2021-09-29 14:14:20,778 [DEBUG] modulus.export._uff: Patching keras Dropout...
2021-09-29 14:14:20,779 [DEBUG] modulus.export._uff: Patching UFF TensorFlow converter apply_fused_padding...
2021-09-29 14:14:26,762 [DEBUG] modulus.export._uff: Unpatching keras BatchNormalization layer...
2021-09-29 14:14:26,763 [DEBUG] modulus.export._uff: Unpatching keras Dropout layer...
The ONNX operator number change on the optimization: 771 -> 363
2021-09-29 14:15:07,105 [INFO] keras2onnx: The ONNX operator number change on the optimization: 771 -> 363
2021-09-29 14:15:07,122 [DEBUG] modulus.export._onnx: Model converted to ONNX, checking model validity with onnx.checker.
2021-09-29 14:15:10,003 [DEBUG] iva.common.export.base_exporter: Data file doesn't exist. Pulling input dimensions from the network.
2021-09-29 14:15:10,003 [DEBUG] iva.common.export.keras_exporter: Input dims: (3, 416, 416)
Tensors in scale dictionary but not in network: {'yolo_spp_pool_1/MaxPool:0', 'b4_final_trans/convolution:0', 'yolo_spp_pool_3/MaxPool:0', 'yolo_spp_pool_2/MaxPool:0', 'b3_final_trans/convolution:0'}
2021-09-29 14:20:12,660 [INFO] tlt.components.docker_handler.docker_handler: Stopping container.

@Morganh I am going to follow the same steps as you and check the results I get with KITTI dataset. can you please let me know

  • is there a download option of KITTI dataset train/valid/test partitions you used in the experiment without having to download complete dataset from here?(The KITTI Vision Benchmark Suite) , and how you have partitioned your data (train, valid, test)

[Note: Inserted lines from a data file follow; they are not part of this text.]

Definition glue (u : nat -> Omega -> M) (y : Omega) : M :=
  if unblock y is Some (l, x) then u l x else 0.

Definition block_proj k (v : Omega -> M) (x : Omega) : M := v (g (k, x)).
Definition block_incl k (v : Omega -> M) : Omega -> M :=
  glue (fun l => if l == k then v else @prod_zero R M Omega).
Definition block_diag (phi : nat -> (Omega -> M) -> Omega -> M) v :=
  glue (fun l => phi l (block_proj l v)).

Lemma block_proj_glue k u : block_proj k (glue u) = u k.
Proof. by apply: funext => x; rewrite /block_proj /glue unblock_g. Qed.

Lemma block_proj_incl k v : block_proj k (block_incl k v) = v.
Proof. by rewrite block_proj_glue eqxx. Qed.

Lemma block_diag_corner phi k :
  end_mul (block_proj k) (end_mul (block_diag phi) (block_incl k)) = phi k.
Proof.
by apply: funext => v; rewrite /end_mul /block_diag block_proj_glue block_proj_incl.
Qed.

Local Notation linear := (is_Rlinear (@prod_add R M Omega) (@prod_scale R M Omega)).

Lemma block_proj_linear k : linear (block_proj k).
Proof. by []. Qed.

Lemma block_incl_linear k : linear (block_incl k).
Proof.
split=> [u v|a u]; apply: funext => y; rewrite /block_incl /glue /prod_add /prod_scale;
  case: (unblock y) => [[l x]|]; rewrite ?addr0 ?scaler0 //;
  by case: (l == k); rewrite /prod_zero ?addr0 ?scaler0.
Qed.

Lemma block_diag_linear phi : (forall k, linear (phi k)) -> linear (block_diag phi).
Proof.
move=> phi_lin; split=> [u v|a u]; apply: funext => y;
  rewrite /block_diag /glue /prod_add /prod_scale;
  case: (unblock y) => [[l x]|]; rewrite ?addr0 ?scaler0 //.
- by rewrite (phi_lin l).1.
- by rewrite (phi_lin l).2.
Qed.

Lemma fin_supp_block_proj k u : fin_supp u -> fin_supp (block_proj k u).
Proof.
move=> [s u_supp].
exists (pmap (fun y => if unblock y is Some (l, x) then
  (if l == k then Some x else None) else None) s) => x x_out.
apply: u_supp => gx_in; apply: x_out; apply: in_pmap gx_in _.
by rewrite unblock_g eqxx.
Qed.

Lemma fin_supp_glue u (K : seq nat) : (forall l, fin_supp (u l)) ->
  (forall l, ~ List.In l K -> u l = @prod_zero R M Omega) -> fin_supp (glue u).
Proof.
move=> /choice[S u_supp] u0.
exists (List.flat_map (fun l => List.map (fun x => g (l, x)) (S l)) K) => y y_out.
rewrite /glue; case e_y: (unblock y) => [[l x]|] //.
move: y_out; rewrite -(unblock_Some e_y) => lx_out.
case: (pselect (List.In l K)) => [l_in|/u0 -> //].
apply: u_supp => x_in; apply: lx_out; apply/List.in_flat_map; exists l.
by split=> //; apply: List.in_map.
Qed.

Lemma fin_supp_block_incl k v : fin_supp v -> fin_supp (block_incl k v).
Proof.
move=> v_fin; apply: (@fin_supp_glue _ [:: k]) => [l|l /= l_out].
  by case: (l == k) => //; exact: fin_supp_zero.
by case: eqP => // e_l; case: l_out; left.
Qed.

Local Notation V := (dsum M Omega).
Local Notation linearS := (is_Rlinear (@dsum_add R M Omega) (@dsum_scale R M Omega)).

Lemma dsum_eq (u v : V) : sval u = sval v -> u = v.
Proof. by case: u v => u u_fin [v v_fin] /= e_uv; apply: eq_exist. Qed.

Lemma dsum_linear0 f : linearS f -> f (dsum_zero M Omega) = dsum_zero M Omega.
Proof.
have zero_scale v : dsum_scale 0 v = dsum_zero M Omega.
  by apply: dsum_eq; apply: funext => x; rewrite /= /prod_scale scale0r.
by move=> f_lin; rewrite -(zero_scale (dsum_zero M Omega)) f_lin.2 zero_scale.
Qed.

Definition dsum_lift (F : (Omega -> M) -> Omega -> M)
  (F_fin : forall u, fin_supp u -> fin_supp (F u)) (v : V) : V :=
  exist _ (F (sval v)) (F_fin _ (svalP v)).

Lemma dsum_lift_linear F F_fin : linear F -> linearS (@dsum_lift F F_fin).
Proof. by move=> [F_add F_scale]; split=> *; apply: dsum_eq; rewrite /= ?F_add ?F_scale. Qed.

Definition dsum_block_proj k := dsum_lift (fin_supp_block_proj k).
Definition dsum_block_incl k := dsum_lift (fin_supp_block_incl k).

Lemma dsum_block_proj_linear k : linearS (dsum_block_proj k).
Proof. exact: dsum_lift_linear (block_proj_linear k). Qed.

Lemma dsum_block_incl_linear k : linearS (dsum_block_incl k).
Proof. exact: dsum_lift_linear (block_incl_linear k). Qed.

Lemma dsum_block_proj_incl k v : dsum_block_proj k (dsum_block_incl k v) = v.
Proof. by apply: dsum_eq; rewrite /= block_proj_incl. Qed.

Section DsumDiag.
Variables (phi : nat -> V -> V) (phi_lin : forall k, linearS (phi k)).

Lemma fin_supp_dsum_diag v :
  fin_supp (glue (fun l => sval (phi l (dsum_block_proj l v)))).
Proof.
have [s v_supp] := svalP v.
apply: (@fin_supp_glue _ (pmap (fun y => omap fst (unblock y)) s)) => [l|l l_out].
  exact: svalP (phi l _).
suff -> : dsum_block_proj l v = dsum_zero M Omega by rewrite dsum_linear0.
apply: dsum_eq; apply: funext => x; apply: v_supp => lx_in; apply: l_out.
by apply: in_pmap lx_in _; rewrite unblock_g.
Qed.

Definition dsum_diag (v : V) : V := exist _ _ (fin_supp_dsum_diag v).

Lemma dsum_diag_linear : linearS dsum_diag.
Proof.
split=> [u v|a u]; apply: dsum_eq; apply: funext => y;
  rewrite /= /glue /prod_add /prod_scale;
  case: (unblock y) => [[l x]|]; rewrite ?addr0 ?scaler0 //.
- by rewrite (dsum_block_proj_linear l).1 (phi_lin l).1.
- by rewrite (dsum_block_proj_linear l).2 (phi_lin l).2.
Qed.

Lemma dsum_diag_corner k :
  end_mul (dsum_block_proj k) (end_mul dsum_diag (dsum_block_incl k)) = phi k.
Proof.
apply: funext => v; apply: dsum_eq.
by rewrite /end_mul /= block_proj_glue dsum_block_proj_incl.
Qed.

End DsumDiag.
End Blocks.

Theorem theorem5 (R : pzRingType) (M : lmodType R) (Omega : Type)
  (HM : exists m : M, m != 0) (HOmega : infinite_type Omega) :
  (forall U : ((Omega -> M) -> (Omega -> M)) -> Prop,
      prodE_generates U -> prodE_bounded U) /\
  (forall U : ((dsum M Omega) -> (dsum M Omega)) -> Prop,
      dsumE_generates U -> dsumE_bounded U).
Proof.
have [g g_inj] := infinite_nat_prod_inj HOmega.
split=> U.
- apply: (end_bounded_words_diagonal (@block_proj_linear R M Omega g)
    (@block_incl_linear R M Omega g)) => phi phi_lin.
  exists (block_diag g phi); first exact: block_diag_linear.
  exact: block_diag_corner.
- apply: (end_bounded_words_diagonal (dsum_block_proj_linear M g_inj)
    (@dsum_block_incl_linear R M Omega g)) => phi phi_lin.
  exists (dsum_diag g_inj phi_lin); first exact: dsum_diag_linear.
  exact: dsum_diag_corner.
Qed.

  • can you please share the spec file you used during training and evaluation.

  • training command you used (to verify mine)

thanks.

Please dowload the notebook according to TAO Toolkit Quick Start Guide — TAO Toolkit 3.0 documentation and follow the part of steps to split the dataset.
187790_spec.txt (2.5 KB)
Training command: yolo_v4 train -e 187790_spec.txt -r result_cspdarknet53 -k nvidia_tlt

This topic was automatically closed 14 days after the last reply. New replies are no longer allowed.